Every line of the entries below from the one containing "Definition eps (a" to the one containing "fun x => \sum_(a < 2) (wedge", both ends included, must be written out exactly. No other line belongs in the answer.

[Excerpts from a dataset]
===

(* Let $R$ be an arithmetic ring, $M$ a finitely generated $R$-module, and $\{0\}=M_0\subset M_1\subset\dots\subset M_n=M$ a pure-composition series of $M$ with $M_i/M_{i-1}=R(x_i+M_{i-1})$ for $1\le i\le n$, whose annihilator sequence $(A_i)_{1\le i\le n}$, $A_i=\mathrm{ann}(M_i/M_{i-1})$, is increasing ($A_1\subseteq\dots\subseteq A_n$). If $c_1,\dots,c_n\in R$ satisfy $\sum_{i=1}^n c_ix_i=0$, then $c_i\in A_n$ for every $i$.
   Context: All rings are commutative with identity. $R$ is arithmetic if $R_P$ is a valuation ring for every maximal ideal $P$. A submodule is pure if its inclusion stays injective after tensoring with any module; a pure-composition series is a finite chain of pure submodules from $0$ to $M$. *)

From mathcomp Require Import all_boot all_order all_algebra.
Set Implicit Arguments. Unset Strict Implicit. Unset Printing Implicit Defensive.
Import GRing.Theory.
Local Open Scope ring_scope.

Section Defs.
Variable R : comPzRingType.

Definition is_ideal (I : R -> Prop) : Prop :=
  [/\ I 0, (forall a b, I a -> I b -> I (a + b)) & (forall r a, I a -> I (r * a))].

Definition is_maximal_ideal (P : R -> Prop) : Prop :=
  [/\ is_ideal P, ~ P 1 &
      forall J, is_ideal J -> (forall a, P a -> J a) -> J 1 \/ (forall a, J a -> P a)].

===

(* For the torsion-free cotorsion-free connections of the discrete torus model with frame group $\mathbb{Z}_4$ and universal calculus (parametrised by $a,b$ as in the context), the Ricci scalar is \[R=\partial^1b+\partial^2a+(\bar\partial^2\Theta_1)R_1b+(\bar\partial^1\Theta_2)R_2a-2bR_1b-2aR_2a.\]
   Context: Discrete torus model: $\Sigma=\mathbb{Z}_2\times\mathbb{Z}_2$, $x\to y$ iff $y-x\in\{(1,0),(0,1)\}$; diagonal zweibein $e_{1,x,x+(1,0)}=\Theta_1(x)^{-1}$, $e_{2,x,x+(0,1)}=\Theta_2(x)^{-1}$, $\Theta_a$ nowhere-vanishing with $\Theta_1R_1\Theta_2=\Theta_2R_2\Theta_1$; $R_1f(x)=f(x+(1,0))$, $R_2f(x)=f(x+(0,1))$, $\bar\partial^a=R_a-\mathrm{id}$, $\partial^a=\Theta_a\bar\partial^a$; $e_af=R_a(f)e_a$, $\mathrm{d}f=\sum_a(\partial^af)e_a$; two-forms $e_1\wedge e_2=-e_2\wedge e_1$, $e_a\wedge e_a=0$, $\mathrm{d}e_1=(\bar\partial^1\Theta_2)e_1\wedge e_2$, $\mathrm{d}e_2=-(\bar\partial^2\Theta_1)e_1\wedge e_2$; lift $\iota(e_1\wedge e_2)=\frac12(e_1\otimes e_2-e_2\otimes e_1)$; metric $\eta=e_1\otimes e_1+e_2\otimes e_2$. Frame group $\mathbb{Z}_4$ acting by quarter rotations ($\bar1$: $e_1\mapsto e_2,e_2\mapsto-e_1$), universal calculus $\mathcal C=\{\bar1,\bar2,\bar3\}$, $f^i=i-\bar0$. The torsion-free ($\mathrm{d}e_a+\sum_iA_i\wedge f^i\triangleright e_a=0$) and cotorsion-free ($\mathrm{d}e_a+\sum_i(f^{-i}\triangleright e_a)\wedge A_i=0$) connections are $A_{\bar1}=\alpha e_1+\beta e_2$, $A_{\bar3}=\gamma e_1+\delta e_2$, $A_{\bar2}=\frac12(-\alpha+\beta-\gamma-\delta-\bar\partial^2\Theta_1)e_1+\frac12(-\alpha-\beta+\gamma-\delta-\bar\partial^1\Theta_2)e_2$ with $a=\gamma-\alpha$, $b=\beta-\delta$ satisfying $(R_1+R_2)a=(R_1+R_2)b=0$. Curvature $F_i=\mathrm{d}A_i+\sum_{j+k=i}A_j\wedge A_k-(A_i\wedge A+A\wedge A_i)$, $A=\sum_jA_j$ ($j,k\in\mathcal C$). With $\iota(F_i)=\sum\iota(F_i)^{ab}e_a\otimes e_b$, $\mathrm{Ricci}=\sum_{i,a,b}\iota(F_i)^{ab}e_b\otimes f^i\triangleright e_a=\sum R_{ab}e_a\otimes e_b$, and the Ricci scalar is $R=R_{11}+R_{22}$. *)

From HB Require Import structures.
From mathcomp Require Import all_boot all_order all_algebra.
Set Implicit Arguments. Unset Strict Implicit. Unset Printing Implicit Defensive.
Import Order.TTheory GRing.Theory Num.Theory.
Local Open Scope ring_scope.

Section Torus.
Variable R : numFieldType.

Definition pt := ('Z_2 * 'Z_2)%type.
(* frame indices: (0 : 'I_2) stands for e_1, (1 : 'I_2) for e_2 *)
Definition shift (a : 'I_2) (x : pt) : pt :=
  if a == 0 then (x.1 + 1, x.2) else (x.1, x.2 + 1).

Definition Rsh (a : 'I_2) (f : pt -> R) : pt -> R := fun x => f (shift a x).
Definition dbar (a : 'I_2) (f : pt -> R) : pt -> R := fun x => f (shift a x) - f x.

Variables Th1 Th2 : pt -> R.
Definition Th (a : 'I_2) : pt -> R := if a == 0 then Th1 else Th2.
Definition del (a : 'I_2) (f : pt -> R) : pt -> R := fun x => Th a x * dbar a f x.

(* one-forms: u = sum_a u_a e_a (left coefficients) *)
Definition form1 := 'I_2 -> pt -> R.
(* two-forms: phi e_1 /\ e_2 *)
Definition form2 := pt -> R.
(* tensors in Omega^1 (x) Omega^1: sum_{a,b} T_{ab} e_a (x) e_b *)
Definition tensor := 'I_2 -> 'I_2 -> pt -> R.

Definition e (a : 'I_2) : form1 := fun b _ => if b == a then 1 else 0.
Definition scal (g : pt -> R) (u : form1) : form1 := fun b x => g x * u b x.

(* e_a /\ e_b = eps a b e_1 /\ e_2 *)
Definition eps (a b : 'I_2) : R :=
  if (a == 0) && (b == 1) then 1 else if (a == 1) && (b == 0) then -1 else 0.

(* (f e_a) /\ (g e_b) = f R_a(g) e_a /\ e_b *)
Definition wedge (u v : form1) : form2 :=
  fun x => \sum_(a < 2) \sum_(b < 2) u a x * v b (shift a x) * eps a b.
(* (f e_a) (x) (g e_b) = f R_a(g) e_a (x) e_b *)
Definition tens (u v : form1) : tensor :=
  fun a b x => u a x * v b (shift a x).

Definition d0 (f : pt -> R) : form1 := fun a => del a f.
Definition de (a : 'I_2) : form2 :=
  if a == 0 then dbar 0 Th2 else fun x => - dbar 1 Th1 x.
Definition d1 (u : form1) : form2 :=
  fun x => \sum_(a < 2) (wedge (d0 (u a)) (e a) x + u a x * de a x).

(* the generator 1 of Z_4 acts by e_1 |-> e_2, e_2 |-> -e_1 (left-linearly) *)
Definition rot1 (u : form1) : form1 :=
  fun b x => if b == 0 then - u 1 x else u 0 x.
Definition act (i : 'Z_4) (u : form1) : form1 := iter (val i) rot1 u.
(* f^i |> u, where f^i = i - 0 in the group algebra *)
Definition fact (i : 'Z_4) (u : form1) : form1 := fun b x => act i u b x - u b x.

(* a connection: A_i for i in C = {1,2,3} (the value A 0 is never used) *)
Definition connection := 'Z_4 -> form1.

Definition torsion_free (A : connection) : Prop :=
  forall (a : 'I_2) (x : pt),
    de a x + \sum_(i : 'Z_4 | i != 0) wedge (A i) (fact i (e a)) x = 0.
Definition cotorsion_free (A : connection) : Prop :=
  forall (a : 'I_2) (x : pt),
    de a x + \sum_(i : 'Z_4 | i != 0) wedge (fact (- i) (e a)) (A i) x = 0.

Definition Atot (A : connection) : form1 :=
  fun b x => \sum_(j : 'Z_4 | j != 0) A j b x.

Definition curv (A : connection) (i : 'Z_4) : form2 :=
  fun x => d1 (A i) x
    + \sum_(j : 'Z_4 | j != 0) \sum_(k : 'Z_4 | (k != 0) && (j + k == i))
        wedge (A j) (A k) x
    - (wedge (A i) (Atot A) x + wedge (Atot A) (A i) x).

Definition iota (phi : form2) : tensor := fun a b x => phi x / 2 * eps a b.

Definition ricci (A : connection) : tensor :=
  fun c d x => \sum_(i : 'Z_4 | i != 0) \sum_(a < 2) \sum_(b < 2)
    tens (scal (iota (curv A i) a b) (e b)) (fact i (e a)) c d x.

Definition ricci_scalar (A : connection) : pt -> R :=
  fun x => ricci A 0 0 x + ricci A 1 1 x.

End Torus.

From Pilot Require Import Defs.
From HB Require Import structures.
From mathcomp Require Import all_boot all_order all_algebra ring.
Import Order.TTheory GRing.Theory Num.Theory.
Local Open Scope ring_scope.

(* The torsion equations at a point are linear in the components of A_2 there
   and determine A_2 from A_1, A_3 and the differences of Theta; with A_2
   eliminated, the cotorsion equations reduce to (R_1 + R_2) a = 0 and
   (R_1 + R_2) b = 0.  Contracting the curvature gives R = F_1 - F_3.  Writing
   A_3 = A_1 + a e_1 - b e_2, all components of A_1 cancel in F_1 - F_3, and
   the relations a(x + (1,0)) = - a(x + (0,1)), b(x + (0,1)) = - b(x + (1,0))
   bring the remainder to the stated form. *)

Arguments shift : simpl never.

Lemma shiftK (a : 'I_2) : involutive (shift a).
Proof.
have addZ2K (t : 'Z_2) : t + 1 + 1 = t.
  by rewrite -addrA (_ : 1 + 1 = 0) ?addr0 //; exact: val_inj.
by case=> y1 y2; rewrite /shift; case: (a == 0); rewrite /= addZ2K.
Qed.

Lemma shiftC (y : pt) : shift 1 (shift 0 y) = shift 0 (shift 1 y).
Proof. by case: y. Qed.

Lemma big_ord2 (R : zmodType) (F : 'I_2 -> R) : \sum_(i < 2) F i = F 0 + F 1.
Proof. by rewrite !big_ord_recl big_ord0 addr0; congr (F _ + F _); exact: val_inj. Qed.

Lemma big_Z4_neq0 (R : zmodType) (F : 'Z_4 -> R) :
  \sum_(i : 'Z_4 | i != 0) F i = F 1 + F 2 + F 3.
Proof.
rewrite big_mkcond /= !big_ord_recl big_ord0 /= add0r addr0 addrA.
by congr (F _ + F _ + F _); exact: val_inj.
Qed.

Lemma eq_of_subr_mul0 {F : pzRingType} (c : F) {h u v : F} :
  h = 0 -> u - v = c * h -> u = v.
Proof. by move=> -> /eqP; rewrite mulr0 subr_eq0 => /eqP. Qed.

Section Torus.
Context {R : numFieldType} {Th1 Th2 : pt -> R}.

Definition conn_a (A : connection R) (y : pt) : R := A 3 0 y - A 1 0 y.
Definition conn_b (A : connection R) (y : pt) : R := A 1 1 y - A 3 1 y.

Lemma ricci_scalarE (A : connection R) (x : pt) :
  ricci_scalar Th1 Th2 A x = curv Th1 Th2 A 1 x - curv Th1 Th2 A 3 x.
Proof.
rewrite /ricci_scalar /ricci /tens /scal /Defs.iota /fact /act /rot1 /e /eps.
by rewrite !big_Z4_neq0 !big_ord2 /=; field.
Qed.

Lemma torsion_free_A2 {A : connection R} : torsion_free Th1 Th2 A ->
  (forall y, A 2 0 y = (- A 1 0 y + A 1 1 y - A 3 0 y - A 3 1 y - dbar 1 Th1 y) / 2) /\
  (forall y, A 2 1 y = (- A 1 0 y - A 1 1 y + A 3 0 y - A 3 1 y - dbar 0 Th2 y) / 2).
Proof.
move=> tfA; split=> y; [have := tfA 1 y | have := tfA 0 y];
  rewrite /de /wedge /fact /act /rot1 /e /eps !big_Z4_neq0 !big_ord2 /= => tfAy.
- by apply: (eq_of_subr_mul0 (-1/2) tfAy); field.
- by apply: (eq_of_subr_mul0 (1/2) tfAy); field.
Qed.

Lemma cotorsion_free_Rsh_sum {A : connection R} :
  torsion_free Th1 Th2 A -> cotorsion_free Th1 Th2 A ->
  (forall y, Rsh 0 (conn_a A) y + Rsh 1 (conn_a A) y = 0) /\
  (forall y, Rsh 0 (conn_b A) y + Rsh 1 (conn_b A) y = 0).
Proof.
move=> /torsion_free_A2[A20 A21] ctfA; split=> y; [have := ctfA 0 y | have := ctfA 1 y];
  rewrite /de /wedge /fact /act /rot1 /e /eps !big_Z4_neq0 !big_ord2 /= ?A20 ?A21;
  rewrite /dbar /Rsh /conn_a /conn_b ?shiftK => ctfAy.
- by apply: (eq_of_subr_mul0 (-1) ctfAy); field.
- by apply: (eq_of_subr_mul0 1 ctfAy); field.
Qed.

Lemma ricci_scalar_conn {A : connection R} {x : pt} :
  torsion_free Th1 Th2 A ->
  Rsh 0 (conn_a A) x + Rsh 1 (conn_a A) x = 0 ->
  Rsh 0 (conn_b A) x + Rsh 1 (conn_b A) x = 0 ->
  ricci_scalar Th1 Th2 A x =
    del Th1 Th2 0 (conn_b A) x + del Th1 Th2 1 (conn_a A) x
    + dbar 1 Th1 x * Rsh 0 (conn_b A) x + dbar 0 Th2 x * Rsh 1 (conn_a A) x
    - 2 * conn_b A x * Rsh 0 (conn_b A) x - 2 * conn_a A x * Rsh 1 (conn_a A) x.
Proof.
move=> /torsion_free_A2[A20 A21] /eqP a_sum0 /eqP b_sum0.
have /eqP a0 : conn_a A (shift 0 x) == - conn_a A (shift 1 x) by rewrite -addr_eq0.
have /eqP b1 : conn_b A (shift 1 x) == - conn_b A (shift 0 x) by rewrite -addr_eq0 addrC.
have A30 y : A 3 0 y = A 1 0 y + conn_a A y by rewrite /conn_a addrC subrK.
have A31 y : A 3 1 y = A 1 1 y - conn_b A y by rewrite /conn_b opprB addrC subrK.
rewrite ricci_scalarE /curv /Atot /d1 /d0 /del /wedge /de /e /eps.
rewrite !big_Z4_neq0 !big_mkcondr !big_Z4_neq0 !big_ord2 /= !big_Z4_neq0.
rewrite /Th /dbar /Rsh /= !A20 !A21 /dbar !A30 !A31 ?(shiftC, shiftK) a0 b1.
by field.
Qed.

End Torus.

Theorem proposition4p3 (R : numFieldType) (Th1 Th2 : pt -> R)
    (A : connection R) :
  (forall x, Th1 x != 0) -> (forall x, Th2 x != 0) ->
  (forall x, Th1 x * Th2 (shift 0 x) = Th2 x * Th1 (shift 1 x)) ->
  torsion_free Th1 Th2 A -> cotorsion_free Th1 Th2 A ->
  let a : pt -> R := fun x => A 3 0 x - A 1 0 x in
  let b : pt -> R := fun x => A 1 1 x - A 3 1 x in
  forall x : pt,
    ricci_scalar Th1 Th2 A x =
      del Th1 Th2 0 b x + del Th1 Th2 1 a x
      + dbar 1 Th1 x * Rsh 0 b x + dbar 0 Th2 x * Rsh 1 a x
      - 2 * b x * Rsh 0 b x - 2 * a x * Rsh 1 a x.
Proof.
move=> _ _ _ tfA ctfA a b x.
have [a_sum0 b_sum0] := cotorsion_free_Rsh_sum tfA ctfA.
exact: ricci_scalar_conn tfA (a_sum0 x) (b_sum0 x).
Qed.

===

Response to the exercise:
Definition eps (a b : 'I_2) : R :=
  if (a == 0) && (b == 1) then 1 else if (a == 1) && (b == 0) then -1 else 0.

(* (f e_a) /\ (g e_b) = f R_a(g) e_a /\ e_b *)
Definition wedge (u v : form1) : form2 :=
  fun x => \sum_(a < 2) \sum_(b < 2) u a x * v b (shift a x) * eps a b.
(* (f e_a) (x) (g e_b) = f R_a(g) e_a (x) e_b *)
Definition tens (u v : form1) : tensor :=
  fun a b x => u a x * v b (shift a x).

Definition d0 (f : pt -> R) : form1 := fun a => del a f.
Definition de (a : 'I_2) : form2 :=
  if a == 0 then dbar 0 Th2 else fun x => - dbar 1 Th1 x.
Definition d1 (u : form1) : form2 :=
  fun x => \sum_(a < 2) (wedge (d0 (u a)) (e a) x + u a x * de a x).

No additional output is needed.